Brain Pathology Case of the Month - December 2001


MICROSCOPIC EXAMINATION:

Spinal cord: There was marked loss of fibres from both the crossed and uncrossed corticospinal tracts, with more widespread loss of fibres from other spinal tracts including the spinocerebellar tracts (Figure 2a). Severe loss of anterior horn cells was seen at all levels of the spinal cord; loss of neurons from the Clarke's column nuclei was less marked (Figure 2b). Basophilic inclusions were noted in occasional remaining anterior horn cells and other neurons within the spinal cord (Figure 3). Hyaline inclusions and Bunina bodies were not seen. The posterior columns and dorsal root ganglia were well preserved.

Cerebrum: Scattered basophilic cytoplasmic inclusions were noted in the pyramidal neurons in many regions of the cortex, but most prominently within the frontal lobes, where there was also focal spongiosis of superficial lamina. Basophilic inclusions were also noted within the putamen, thalamus and globus pallidus.

Brain stem: Scattered basophilic inclusions were noted throughout the brain stem nuclei, including the substantia nigra (Figure 4a and Figure 4b), oculomotor nuclei, periaqueductal grey matter, pontine nuclei, locus cerulei, hypoglossal nuclei and inferior olivary nuclei. Neuronal loss from these regions appeared mild. There was marked fibre loss from the corticospinal tracts in the cerebral peduncles and medullary pyramids.
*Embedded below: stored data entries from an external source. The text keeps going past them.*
Lemma box_prodr k m n (g : pt m -> pt n) : box g -> box (prodpt (fun x : pt k => x) g).
Proof.
elim=> {m n g}.
- move=> n. have -> : prodpt (fun x : pt k => x) (fun x : pt n => x) = (fun x => x).
    apply: functional_extensionality => x; apply: pt_ext => j Hj.
    rewrite /prodpt !nth_mkpt; split_ifs; fin.
  exact: box_id.
- move=> m n p f g _ IHf _ IHg.
  have -> : prodpt (fun x : pt k => x) (fun x => g (f x)) =
            (fun x => prodpt (fun x : pt k => x) g (prodpt (fun x : pt k => x) f x)).
    apply: functional_extensionality => x; apply: pt_ext => j Hj.
    have E : mkpt n (fun a => nth false (prodpt (fun x : pt k => x) f x) (k + a)) =
             f (mkpt m (fun a => nth false x (k + a))).
      apply: pt_ext => a Ha; rewrite /prodpt !nth_mkpt; split_ifs; fin.
    rewrite {1 2}/prodpt E !nth_mkpt; split_ifs; fin.
  exact: (box_comp IHf IHg).
- move=> m n i e -> Hi.
  have -> : prodpt (fun x : pt k => x) (@face m m.+1 i e) = @face (k + m) (k + m.+1) (k + i) e.
    apply: functional_extensionality => x; apply: pt_ext => j Hj.
    rewrite /prodpt /face !nth_mkpt; split_ifs; fin.
  by apply: (@box_face (k + m) (k + m.+1) (k + i) e); lia.
- move=> m n i -> Hi.
  have -> : prodpt (fun x : pt k => x) (@degen n.+1 n i) = @degen (k + n.+1) (k + n) (k + i).
    apply: functional_extensionality => x; apply: pt_ext => j Hj.
    rewrite /prodpt /degen !nth_mkpt; split_ifs; fin.
  by apply: (@box_degen (k + n.+1) (k + n) (k + i)); lia.
- move=> m n i e -> Hi.
  have -> : prodpt (fun x : pt k => x) (@conn n.+1 n i e) = @conn (k + n.+1) (k + n) (k + i) e.
    apply: functional_extensionality => x; apply: pt_ext => j Hj.
    rewrite /prodpt /conn !nth_mkpt; split_ifs; fin.
  by apply: (@box_conn (k + n.+1) (k + n) (k + i) e); lia.
Qed.

Lemma box_prod m1 n1 m2 n2 (f : pt m1 -> pt n1) (g : pt m2 -> pt n2) :
  box f -> box g -> box (prodpt f g).
Proof.
move=> bf bg.
have -> : prodpt f g = (fun x => prodpt f (fun y : pt n2 => y) (prodpt (fun y : pt m1 => y) g x)).
  apply: functional_extensionality => x; apply: pt_ext => j Hj.
  rewrite /prodpt !nth_mkpt; split_ifs; fin.
  - congr (nth _ (f _) _); apply: pt_ext => a Ha; rewrite !nth_mkpt; split_ifs; fin.
exact: (box_comp (box_prodr _ bg) (box_prodl _ bf)).
Qed.
(* Let $(\mathcal{C},\otimes,I,c)$ be a symmetric monoidal category with symmetry $c$, and let $(!,\delta,\varepsilon,m,m_I,d,e)$ be a linear exponential comonad on the underlying monoidal category $(\mathcal{C},\otimes,I)$. Then it is a symmetric linear exponential comonad if and only if $\sigma_{X,Y}=c_{!X,!Y}$ for all objects $X,Y$, where $\sigma_{X,Y}$ is the morphism defined below.
   Context: Monoidal functors are lax: a functor $F$ with a morphism $m_I:I\to FI$ and a natural transformation $m_{X,Y}:FX\otimes FY\to F(X\otimes Y)$ satisfying the usual coherence. A coalgebra for a comonad $!$ is a pair $(A,\alpha:A\to!A)$ with $\varepsilon_A\circ\alpha=id$ and $\delta_A\circ\alpha=!\alpha\circ\alpha$. Associators and unitors are suppressed below. A linear exponential comonad on a monoidal category $(\mathcal{C},\otimes,I)$ is a monoidal comonad $(!,\delta,\varepsilon,m,m_I)$ (i.e. a comonad $(!,\delta:!\Rightarrow!!,\varepsilon:!\Rightarrow\mathrm{Id})$ with $!$ a lax monoidal functor with structure $m_{X,Y}:!X\otimes!Y\to!(X\otimes Y)$, $m_I:I\to!I$, and $\delta,\varepsilon$ monoidal natural transformations), equipped with a monoidal natural transformation $e_X:!X\to I$ (i.e. natural, with $e_{X\otimes Y}\circ m_{X,Y}=e_X\otimes e_Y$ and $e_I\circ m_I=id_I$) and a natural transformation $d_X:!X\to!X\otimes!X$ such that, defining $$\sigma_{X,Y}=(\varepsilon_{!Y}\otimes\varepsilon_{!X})\circ(!(e_X\otimes id)\otimes!(id\otimes e_Y))\circ d_{!X\otimes!Y}\circ m_{!X,!Y}\circ(\delta_X\otimes\delta_Y):!X\otimes!Y\to!Y\otimes!X,$$ the following hold for all $X,Y,Z$: (1) the two morphisms $!X\otimes!X\otimes!Y\otimes!Y\otimes!Z\otimes!Z\to!(X\otimes Y\otimes Z)\otimes!(X\otimes Y\otimes Z)$ given by $(m_{X\otimes Y,Z}\otimes m_{X\otimes Y,Z})\circ(id\otimes\sigma_{X\otimes Y,Z}\otimes id)\circ(m_{X,Y}\otimes m_{X,Y}\otimes id\otimes id)\circ(id\otimes\sigma_{X,Y}\otimes id\otimes id\otimes id)$ and $(m_{X,Y\otimes Z}\otimes m_{X,Y\otimes Z})\circ(id\otimes\sigma_{X,Y\otimes Z}\otimes id)\circ(id\otimes id\otimes m_{Y,Z}\otimes m_{Y,Z})\circ(id\otimes id\otimes id\otimes\sigma_{Y,Z}\otimes id)$ are equal; (2) $m_{!Y,!X}\circ\sigma_{!X,!Y}=!\sigma_{X,Y}\circ m_{!X,!Y}$; (3) $\sigma_{X,Y}$ is invertible with $\sigma_{X,Y}^{-1}=\sigma_{Y,X}$; (4) $(\sigma_{X,Z}\otimes id_{!Y})\circ(id_{!X}\otimes\sigma_{Y,Z})=(id_{!Z}\otimes\varepsilon_{!X\otimes!Y})\circ\sigma_{!X\otimes!Y,Z}\circ(m_{!X,!Y}\otimes id_{!Z})\circ(\delta_X\otimes\delta_Y\otimes id_{!Z})$; (5) $d_{X\otimes Y}\circ m_{X,Y}=(m_{X,Y}\otimes m_{X,Y})\circ(id_{!X}\otimes\sigma_{X,Y}\otimes id_{!Y})\circ(d_X\otimes d_Y)$ and $d_I\circ m_I=m_I\otimes m_I$; (6) $(!X,d_X,e_X)$ is a comonoid in $\mathcal{C}$; (7) $e_X$ is a coalgebra morphism from $(!X,\delta_X)$ to $(I,m_I)$, i.e. $m_I\circ e_X=!e_X\circ\delta_X$, and $d_X$ is a coalgebra morphism from $(!X,\delta_X)$ to $(!X\otimes!X,m_{!X,!X}\circ(\delta_X\otimes\delta_X))$, i.e. $m_{!X,!X}\circ(\delta_X\otimes\delta_X)\circ d_X=!d_X\circ\delta_X$; (8) $\delta_X$ is a comonoid morphism from $(!X,d_X,e_X)$ to $(!!X,d_{!X},e_{!X})$, i.e. $d_{!X}\circ\delta_X=(\delta_X\otimes\delta_X)\circ d_X$ and $e_{!X}\circ\delta_X=e_X$. A symmetric linear exponential comonad on a symmetric monoidal category $\mathcal{C}$ is a symmetric monoidal comonad $(!,\delta,\varepsilon,m,m_I)$ (a monoidal comonad whose structure $m$ commutes with the symmetry) equipped with monoidal natural transformations $d_X:!X\to !X\otimes !X$ and $e_X:!X\to I$ (where $X\mapsto !X\otimes !X$ is monoidal via $m$ and the symmetry, and the constant functor $I$ is monoidal via unitors) such that for each $X$: $(!X,d_X,e_X)$ is a commutative comonoid; $d_X$ is a coalgebra morphism from $(!X,\delta_X)$ to $(!X\otimes !X,m_{!X,!X}\circ(\delta_X\otimes\delta_X))$; $e_X$ is a coalgebra morphism from $(!X,\delta_X)$ to $(I,m_I)$; and $\delta_X$ is a comonoid morphism from $(!X,d_X,e_X)$ to $(!!X,d_{!X},e_{!X})$. *)

Set Implicit Arguments.
Unset Strict Implicit.

Declare Scope cat_scope.
Delimit Scope cat_scope with cat.
Open Scope cat_scope.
Cerebellum: This showed mild patchy loss of Purkinje cells and occasional axonal 'torpedoes'. Basophilic inclusions were noted within the dentate nucleus.

Inclusions: The inclusions had sharply demarcated, irregular or rounded outlines and showed marked basophilia with hematoxylin and eosin staining, sometimes with central areas pallor. Although some showed argyrophilia with a modified Bielchowsky preparation, most were unstained. They did not show fluorescence with ultraviolet light following thioflavin-S staining. Occasional inclusions showed speckled ubiquitin immunoreactivity (Figure 5a, arrow and Figure 5b), however, most were negative (Figure 5a, arrow head). Occasional inclusions also showed weak, often peripheral, immunoreactivity with an antibody to phosphorylated neurofilament (Figure 6, arrows). Immunoreactivity using antibodies to tau protein, alpha-synuclein and MAP-2 was not seen.

At electron microscopy the inclusions were well circumscribed, but not membrane bound (Figure 7a), and composed of a mixture of haphazardly arranged 15nm tubular structures, most of which appeared straight, 7nm filaments, membranous structures, granular material and what appeared to be degenerate neurosecretory granules (Figure 7b).